*If I were single, I'd still be living in Florida. If I were living in Florida, I'd be in the path of hurricanes. If I were in the path of hurricanes, Jim Cantore from the Weather Channel would come visit. And if I were in Florida, in a hurricane, and Jim Cantore had come to visit, I would go out and get some prime hurricane surfing in, because that's the only time the Atlantic moves its lazy ass, and then when he interviewed me, offer to entertain him in the back of his camera van. Damn, he's hot! And I feel a bit guilty about that crush because I only ever see him when, you know, people are getting killed or seriously hurt and losing their property and stuff, but my annual thing for Jim Cantore is like the first robin of spring--a true sign of a particular season.
*Yes, I've gone hurricane surfing. Actually, my first time was last year, when all those hurricanes were lined up and heading to the F-L-A. When Charlie came, I was recovering from a myomectomy. Second one, L'Ailee begged me to come up to New York City and stay with her. Third one...well, the doctor had said I could "immerse" in water again, and I was getting so tired of being afraid and being an invalid, so I headed out to enjoy the waves. My gyno's nurse saw me on TV (not the Weather Channel, alas; otherwise I could've told you whether Cantore or that cutie-pie Stephanie Abrams were really that hot in person). My gyno read me the riot act, exclaiming, "By 'immerse', I meant a *bath*! Maybe a dip in the *pool*!" Poor thing pretty much lost it when I explained that it was okay because I was wearing my neoprene wetsuit and thanked her for making it so I could fit into it again...
*It was fun, though. I'd do it again, for anything under a Cat-5.
*I can talk about these things because L'Ailee and I sent out a check for $150 to the Red Cross. The Red Cross is pretty much the only disaster aid charity I trust, and they did a lot for us in Florida last year and a lot for NYC after 9/11. How could we not?
*Goddamn, that footage makes what we went through in Florida look like a walk in the rain...
*You know that some people probably experienced cognitive dissonance just now because I shared my fantasy about entertaining Cantore in the back of a camera van and I've got Sinead O'Connor's gorgeous nude backside as my logo, right? I've heard that kind of thing before. It's really stupid. One little word can account for so much: B-I-S-E-X-U-A-L!
*Portia de Rossi has lost my respect due to this comment in the new Advocate: "A lot of models call themelves bisexual, so I just hid behind that title for a very long time. I thought it was just so fun to be bisexual! it suggests you're a fun party girl - who makes out with your best friend on the dance floor."
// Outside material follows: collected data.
Lemma vnormD_le u v : vnorm (u + v) <= vnorm u + vnorm v.
Proof.
have uv0 : 0 <= vnorm u + vnorm v by rewrite addr_ge0 ?vnorm_ge0.
rewrite -[leRHS]ger0_norm // -sqrtr_sqr ler_sqrt ?sqr_ge0 //.
rewrite sqrrD !sqr_vnorm dotpDr !(dotpC (u + v)) !dotpDr (dotpC v u).
have := ler_norm (dotp u v); have := normr_dotp_le u v; lra.
Qed.

Lemma oppr_vnorm_le_dotp_dir x v : - vnorm v <= dotp (dir x) v.
Proof.
have := normr_dotp_le (dir x) v; rewrite vnorm_dir mul1r ler_norml.
by case/andP.
Qed.

Lemma crossp_mul_vnorm_le a b v :
  dotp a a = 1 -> dotp b b = 1 -> 0 <= crossp a b ->
  0 <= dotp a v -> 0 <= dotp b v ->
  crossp a b * vnorm v <= dotp a v + dotp b v.
Proof.
move=> a1 b1 ab0 av0 bv0.
have lagrange : crossp a b ^+ 2 * dotp v v = dotp b b * dotp a v ^+ 2
    + dotp a a * dotp b v ^+ 2 - 2 * dotp a v * dotp b v * dotp a b.
  by rewrite /dotp /crossp; ring.
have ab_ge : -1 <= dotp a b.
  have := normr_dotp_le a b; rewrite /vnorm a1 b1 sqrtr1 mulr1 ler_norml.
  by case/andP.
have avbv0 : 0 <= dotp a v * dotp b v by exact: mulr_ge0.
have lhs0 : 0 <= crossp a b * vnorm v by rewrite mulr_ge0 ?vnorm_ge0.
have rhs0 : 0 <= dotp a v + dotp b v by exact: addr_ge0.
rewrite -(@ler_pXn2r _ 2) ?nnegrE // exprMn sqr_vnorm lagrange a1 b1 !mul1r.
nra.
Qed.

Lemma sinD_mul_dotp_dir al be x v :
  sin (al + be) * dotp (dir x) v
  = sin al * dotp (dir (x - be)) v + sin be * dotp (dir (x + al)) v.
Proof. by rewrite /dotp /= sinD sinB cosB sinD cosD; ring. Qed.

Lemma sin_le_sin_within (eps : R) x :
  0 <= eps -> eps <= x -> x <= pi - eps -> sin eps <= sin x.
Proof.
move=> eps0 epsx xpi.
have pi0 : 0 < pi := pi_gt0 R.
have ler_sin y z : 0 <= y -> y <= z -> z <= pi / 2 -> sin y <= sin z.
  move=> y0 yz zpi; rewrite le_eqVlt in yz; case/orP: yz => [/eqP -> //|yz].
  by apply/ltW; rewrite ltr_sin // in_itv /=; apply/andP; split; lra.
have [xpi2|xpi2] := lerP x (pi / 2); first by apply: ler_sin; lra.
have -> : sin x = sin (pi - x) by rewrite sinB sinpi cospi; ring.
by apply: ler_sin; lra.
Qed.

Lemma sin_mul_vnorm_le_dotp_dir (eps al be : R) x v :
  0 < eps -> eps <= al -> eps <= be -> al + be < pi ->
  0 <= dotp (dir (x - be)) v -> 0 <= dotp (dir (x + al)) v ->
  sin eps * vnorm v <= dotp (dir x) v.
Proof.
move=> eps0 epsal epsbe albe a0 b0.
have sin_al : sin eps <= sin al by apply: sin_le_sin_within; lra.
have sin_be : sin eps <= sin be by apply: sin_le_sin_within; lra.
have sin_eps0 : 0 <= sin eps by apply: sin_ge0_pi; apply/andP; split; lra.
have sin_albe0 : 0 < sin (al + be) by apply: sin_gt0_pi; apply/andP; split; lra.
have cross : crossp (dir (x - be)) (dir (x + al)) = sin (al + be).
  by rewrite crossp_dir; congr sin; ring.
have := crossp_mul_vnorm_le (dir (x - be)) (dir (x + al)) v (dotpp_dir _) (dotpp_dir _).
rewrite cross => /(_ (ltW sin_albe0) a0 b0) le_sum.
rewrite -(ler_pM2l sin_albe0) sinD_mul_dotp_dir mulrCA.
apply: le_trans (ler_wpM2l sin_eps0 le_sum) _.
nra.
Qed.

Definition ahead {n} (kappa : R) x (c : 'I_n -> pt R) (i : 'I_n) : Prop :=
  forall j, kappa * vnorm (c j - c i) <= dotp (dir x) (c j - c i).

Lemma ahead_of_extreme {n} (c : 'I_n -> pt R) i (eps pa pb : R) x :
  0 < eps -> pa + eps <= x -> x + eps <= pb -> pb - pa < pi ->
  (forall j, dotp (dir pa) (c i) <= dotp (dir pa) (c j)) ->
  (forall j, dotp (dir pb) (c i) <= dotp (dir pb) (c j)) ->
  ahead (sin eps) x c i.
Proof.
move=> eps0 pa_x x_pb pb_pa ext_a ext_b j.
apply: (@sin_mul_vnorm_le_dotp_dir eps (pb - x) (x - pa)); try lra.
- by rewrite opprB addrC subrK dotpBr subr_ge0.
- by rewrite addrC subrK dotpBr subr_ge0.
Qed.

Lemma exists_common_argmin {m} (f : 'I_m.+2 -> 'I_m.+1 -> R) :
  exists i (a b : 'I_m.+2),
    [/\ (a < b)%N, forall j, f a i <= f a j & forall j, f b i <= f b j].
Proof.
pose g k := [arg min_(i < ord0) f k i]%O.
have gP k j : f k (g k) <= f k j by rewrite /g; case: arg_minP => // i _ ->.
have : ~~ injectiveb g.
  by apply/injectiveP => /leq_card; rewrite !card_ord ltnn.
case/injectivePn => a [b] ab gab.
wlog lt_ab : a b ab gab / (a < b)%N.
  move=> sym; case: (ltngtP a b) => [|ba|/val_inj eq_ab]; first exact: sym.
    by apply: (sym b a) => //; rewrite eq_sym.
  by rewrite eq_ab eqxx in ab.
exists (g a), a, b; split => // j; rewrite gab; exact: gP.
Qed.
Lemma real_continuation (P : R -> Prop) (a b : R) :
  at_right a P ->
  (forall m, a < m < b -> (forall y, a < y < m -> P y) -> locally m P) ->
  forall y, a < y < b -> P y.
Proof.
  intros [eps Hbase] Hstep y1 Hy1.
  set (E := fun x => x <= y1 /\ forall y, a < y < x -> P y).
  destruct (completeness E) as [m [Hub Hlub]].
  { exists y1. intros x [Hx _]. exact Hx. }
  { exists a. split; [lra | intros y Hy; lra]. }
  assert (Hbelow : forall y, a < y < m -> P y).
  { intros y Hy. apply NNPP. intros HPy.
    assert (Hy_ub : is_upper_bound E y).
    { intros x [_ Hx]. apply Rnot_lt_le. intros Hyx. apply HPy, Hx. lra. }
    specialize (Hlub y Hy_ub). lra. }
  assert (Ha_m : a < m).
  { set (x := Rmin (a + eps) y1).
    assert (Hx : a < x <= y1 /\ x <= a + eps).
    { unfold x, Rmin. destruct (Rle_dec (a + eps) y1); pose proof (cond_pos eps); lra. }
    assert (HEx : E x).
    { split; [lra |]. intros y Hy.
      apply Hbase; [apply ball_of_between; pose proof (cond_pos eps) |]; lra. }
    specialize (Hub x HEx). lra. }
  assert (Hm_y1 : m <= y1) by (apply Hlub; intros x [Hx _]; exact Hx).
  destruct (Hstep m ltac:(lra) Hbelow) as [delta Hdelta].
  assert (Hm : m = y1).
  { apply Rle_antisym; [exact Hm_y1 |]. apply Rnot_lt_le. intros Hlt.
    set (x := Rmin (m + delta / 2) y1).
    assert (Hx : m < x <= y1 /\ x <= m + delta / 2).
    { unfold x, Rmin. destruct (Rle_dec (m + delta / 2) y1); pose proof (cond_pos delta); lra. }
    assert (HEx : E x).
    { split; [lra |]. intros y Hy. destruct (Rlt_or_le y m) as [Hym | Hmy].
      - apply Hbelow. lra.
      - apply Hdelta, ball_of_between. pose proof (cond_pos delta). lra. }
    specialize (Hub x HEx). lra. }
  subst m. exact (locally_singleton _ _ (Hstep y1 Hy1 Hbelow)).
Qed.

Lemma decreasing_filterlim_at_left (f : R -> R) (a b c : R) : a < b ->
  (forall x y, a <= x -> x < y -> y < b -> f y < f x) ->
  (forall y, a <= y < b -> c <= f y) ->
  exists L, filterlim f (at_left b) (locally L) /\ c <= L /\
    forall y, a <= y < b -> L < f y.
Proof.
  intros Hab Hdecr Hc.
  set (W := fun z => exists y, a <= y < b /\ z = - f y).
  destruct (completeness W) as [M [Hub Hlub]].
  { exists (- c). intros z [y [Hy ->]]. specialize (Hc y Hy). lra. }
  { exists (- f a). exists a. split; [lra | reflexivity]. }
  assert (HL : forall y, a <= y < b -> - M <= f y).
  { intros y Hy. enough (- f y <= M) by lra. apply Hub. exists y. split; auto. }
  exists (- M). split; [| split].
  - apply filterlim_locally. intros eps.
    destruct (classic (exists y0, a <= y0 < b /\ M - eps < - f y0)) as [[y0 [Hy0 Hfy0]] | Hno].
    + apply (filter_imp (F := locally b) (fun y => y0 < y)).
      * intros y Hy Hyb. apply ball_of_between.
        assert (f y < f y0) by (apply Hdecr; lra).
        specialize (HL y ltac:(lra)). lra.
      * exact (open_gt y0 b (proj2 Hy0)).
    + assert (HM : is_upper_bound W (M - eps)).
      { intros z [y [Hy ->]]. apply Rnot_lt_le. intros Hlt. apply Hno. exists y. auto. }
      specialize (Hlub _ HM). pose proof (cond_pos eps). lra.
  - enough (M <= - c) by lra. apply Hlub. intros z [y [Hy ->]]. specialize (Hc y Hy). lra.
  - intros y Hy. assert (f ((y + b) / 2) < f y) by (apply Hdecr; lra).
    specialize (HL ((y + b) / 2) ltac:(lra)). lra.
Qed.

(* [y^m (1 - y^2)^(-n/2)], written with exp and ln so that the exponents may be real. *)
Definition weight (m n y : R) : R := exp (m * ln y - n / 2 * ln (1 - y ^ 2)).

Lemma weight_pos (m n y : R) : 0 < weight m n y.
Proof. apply exp_pos. Qed.

Lemma is_derive_weight_mul (m n y : R) (f : R -> R) (df : R) : 0 < y < 1 ->
  is_derive f y df ->
  is_derive (fun t => weight m n t * f t) y
    (weight m n y * (df + (m / y + n * y / (1 - y ^ 2)) * f y)).
Proof.
  intros Hy Hf. unfold weight. auto_derive.
  - repeat split; try nra. exists df. exact Hf.
  - replace (Derive (fun t => f t) y) with df by (symmetry; apply is_derive_unique, Hf).
    replace (1 + - (y * (y * 1))) with (1 - y ^ 2) by ring.
    match goal with |- ?l = ?r => change (@eq R l r) end.
    unfold Rminus. field. nra.
Qed.

Lemma neg_of_weighted_derive_pos (m n y0 : R) (f df : R -> R) : 0 < y0 < 1 ->
  (forall y, 0 < y <= y0 -> is_derive f y (df y)) ->
  (forall y, 0 < y <= y0 -> 0 < df y + (m / y + n * y / (1 - y ^ 2)) * f y) ->
  f y0 <= 0 -> forall y, 0 < y < y0 -> f y < 0.
Proof.
  intros Hy0 Hder Hpos Hf0 y Hy.
  assert (Hlt : weight m n y * f y < weight m n y0 * f y0).
  { apply (lt_of_is_derive_pos (fun t => weight m n t * f t)
      (fun t => weight m n t * (df t + (m / t + n * t / (1 - t ^ 2)) * f t))); [lra | |].
    - intros t Ht. apply is_derive_weight_mul, Hder; lra.
    - intros t Ht. apply Rmult_lt_0_compat; [apply weight_pos | apply Hpos; lra]. }
  pose proof (weight_pos m n y). pose proof (weight_pos m n y0). nra.
Qed.

Lemma expansion_filterlim (a C del : R) (u : R -> R) : 0 < del ->
  (forall y, 0 < y < del -> Rabs (u y - (1 - a * y ^ 2)) <= C * y ^ 4) ->
  filterlim u (at_right 0) (locally 1).
Proof.
  intros Hdel Hexp.
  apply (filterlim_le_le (fun y => 1 - a * y ^ 2 - C * y ^ 4) u
           (fun y => 1 - a * y ^ 2 + C * y ^ 4) 1).
  - apply (filter_imp (fun y => 0 < y < del)); [| exact (at_right_between 0 del Hdel)].
    intros y Hy. specialize (Hexp y Hy). apply Rabs_le_between in Hexp. lra.
  - apply filterlim_at_right_ex_derive; [auto_derive; exact I | ring].
  - apply filterlim_at_right_ex_derive; [auto_derive; exact I | ring].
Qed.

Lemma expansion_lt_1 (a C del : R) (u : R -> R) : 0 < a -> 0 < del ->
  (forall y, 0 < y < del -> Rabs (u y - (1 - a * y ^ 2)) <= C * y ^ 4) ->
  at_right 0 (fun y => u y < 1).
Proof.
  intros Ha Hdel Hexp.
  assert (Hcoef : at_right 0 (fun y => 0 < a - C * y ^ 2)).
  { apply (filterlim_open (fun y => a - C * y ^ 2) a); [| apply open_gt | exact Ha].
    apply filterlim_at_right_ex_derive; [auto_derive; exact I | ring]. }
  apply (filter_imp (fun y => 0 < a - C * y ^ 2 /\ 0 < y < del)).
  - intros y [Hc Hy]. specialize (Hexp y Hy). apply Rabs_le_between in Hexp.
    assert (0 < y ^ 2 * (a - C * y ^ 2)) by (apply Rmult_lt_0_compat; nra).
    nra.
  - apply filter_and; [exact Hcoef | exact (at_right_between 0 del Hdel)].
Qed.

Section Solution.

Variables (d : R) (u : R -> R).
Hypothesis u_derive : forall y, 0 < y < 1 -> is_derive u y (Derive u y).
Hypothesis u'_derive : forall y, 0 < y < 1 -> is_derive (Derive u) y (Derive (Derive u) y).
Hypothesis u_ode : forall y, 0 < y < 1 -> ode_at d u y.
Hypothesis u_lim0 : filterlim u (at_right 0) (locally 1).
Hypothesis u_near0 : at_right 0 (fun y => 0 < u y < 1).
Hypothesis u_at0 : u 0 = 1.

Lemma ode_Derive2 (y : R) : 0 < y < 1 ->
  Derive (Derive u) y + ((d - 3) / y + (d - 5) * y / (1 - y ^ 2)) * Derive u y
  = - ((d - 2) * u y * (1 - u y ^ 2)) / (y ^ 2 * (1 - y ^ 2)).
Proof.
  intros Hy. pose proof (u_ode y Hy) as Hode. unfold ode_at in Hode.
  field_simplify_eq; [lra | nra].
Qed.

Lemma ode_y_Derive_plus_2u (y : R) : 0 < y < 1 ->
  (y * Derive (Derive u) y + 3 * Derive u y)
  + ((d - 6) / y + (d - 5) * y / (1 - y ^ 2)) * (y * Derive u y + 2 * u y)
  = u y * ((d - 10) + 2 * y ^ 2 + (d - 2) * u y ^ 2) / (y * (1 - y ^ 2)).
Proof.
  intros Hy. pose proof (u_ode y Hy) as Hode. unfold ode_at in Hode.
  field_simplify_eq; [lra | nra].
Qed.

Lemma is_derive_y_Derive_plus_2u (y : R) : 0 < y < 1 ->
  is_derive (fun t => t * Derive u t + 2 * u t) y (y * Derive (Derive u) y + 3 * Derive u y).
Proof.
  intros Hy. auto_derive.
  - split; [exists (Derive (Derive u) y); exact (u'_derive y Hy) |].
    split; [exists (Derive u y); exact (u_derive y Hy) | exact I].
  - change (fun t => Derive u t) with (Derive u). change (fun t => u t) with u. ring.
Qed.

Lemma is_derive_y2_u (y : R) : 0 < y < 1 ->
  is_derive (fun t => t ^ 2 * u t) y (y * (y * Derive u y + 2 * u y)).
Proof.
  intros Hy. auto_derive; [exists (Derive u y); exact (u_derive y Hy) |].
  change (fun t => u t) with u. ring.
Qed.

Lemma filterlim_y2_u : filterlim (fun y => y ^ 2 * u y) (at_right 0) (locally 0).
Proof.
  assert (Hsq : filterlim (fun y => y ^ 2) (at_right 0) (locally 0))
    by (apply filterlim_at_right_ex_derive; [auto_derive; exact I | ring]).
  pose proof (filterlim_comp_2 (fun y => y ^ 2) u Rmult Hsq u_lim0
                (filterlim_mult (K := R_AbsRing) 0 1)) as Hlim.
  simpl in Hlim. rewrite Rmult_0_l in Hlim. exact Hlim.
Qed.

Lemma Derive_u_lt0 (y0 : R) : 2 < d -> 0 < y0 < 1 ->
  (forall y, 0 < y <= y0 -> 0 < u y < 1) -> Derive u y0 < 0.
Proof.
  intros Hd Hy0 Hu. apply Rnot_le_lt. intros Hu'0.
  assert (Hu'pos : forall y, 0 < y < y0 -> 0 < Derive u y).
  { intros y Hy. enough (- Derive u y < 0) by lra.
    apply (neg_of_weighted_derive_pos (d - 3) (d - 5) y0 (fun t => - Derive u t)
             (fun t => - Derive (Derive u) t)); [exact Hy0 | | | lra | exact Hy].
    - intros t Ht. apply (is_derive_opp (Derive u) t), u'_derive. lra.
    - intros t Ht. pose proof (ode_Derive2 t ltac:(lra)) as Hw.
      assert (0 < (d - 2) * u t * (1 - u t ^ 2) / (t ^ 2 * (1 - t ^ 2))).
      { specialize (Hu t Ht). apply Rdiv_lt_0_compat; repeat apply Rmult_lt_0_compat; nra. }
      lra. }
  assert (Hev : at_right 0 (fun y => u y0 < u y /\ 0 < y < y0)).
  { apply filter_and; [| apply at_right_between; lra].
    apply (filterlim_open u 1); [exact u_lim0 | apply open_gt |].
    specialize (Hu y0 ltac:(lra)). lra. }
  destruct (filter_ex _ Hev) as [y [Hlt Hy]].
  assert (u y < u y0).
  { apply (lt_of_is_derive_pos u (Derive u)); [lra | |].
    - intros t Ht. apply u_derive. lra.
    - intros t Ht. apply Hu'pos. lra. }
  lra.
Qed.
*Of course, the Advocate's unoffical motto for a long time has been "...for rich, white and uptight perfect Kinsey Category Sixes" anyhow. Biphobia's simply what they do. Fuck 'em and feed 'em pork and beans. Gay people get upset at me when I say that, but I'll stop saying and writing mean things about the Advocate when they stop writing and uncritically publishing mean things about bisexuals.
*I learned to say "Fuck 'em and feed 'em pork and beans" at the Sweet Potato Queens' Message Board of Love. It's that kind of thing that keeps me coming back, even though I'm the only same-sex married woman on the board.
*The "Cool Lunch Table" is at Blogzie's. She started out opening up her blog to people who disagreed with what an extremely uninformed and shrill ex-gay who is used as a source by organizations that try to roll back LGBT civil rights was posting; it's taken on a life of its own now, and I'm glad for that.
*When I posted that about the childhood challenge, I didn't expect people to get stymied by the fact that I used HTML to create hyperlinks. There's no need to do that, if you don't want. I just prefer the look of it! Please don't let the fact that I put URLs in hyperlinks stop you! :-)
*Finally, it's product endorsement time. L'Ailee and I are two women with thick, fast-growing hair; we can review damn near every razor, hair removal technique, and drain unclogger on the market between us. We liked the Bic Silky Touch. Then we tried the Bic Soleil because it was on sale and I had coupons. We'll buy 'em again at full price. It's good on our legs and underarms. And then there's the true endorsement--this is the first disposable razor L'Ailee trusted in my hands on her head! She normally acts like she'd rather put her head under a guillotine! And I haven't cut either of us yet, which says a lot. I really suggest getting it.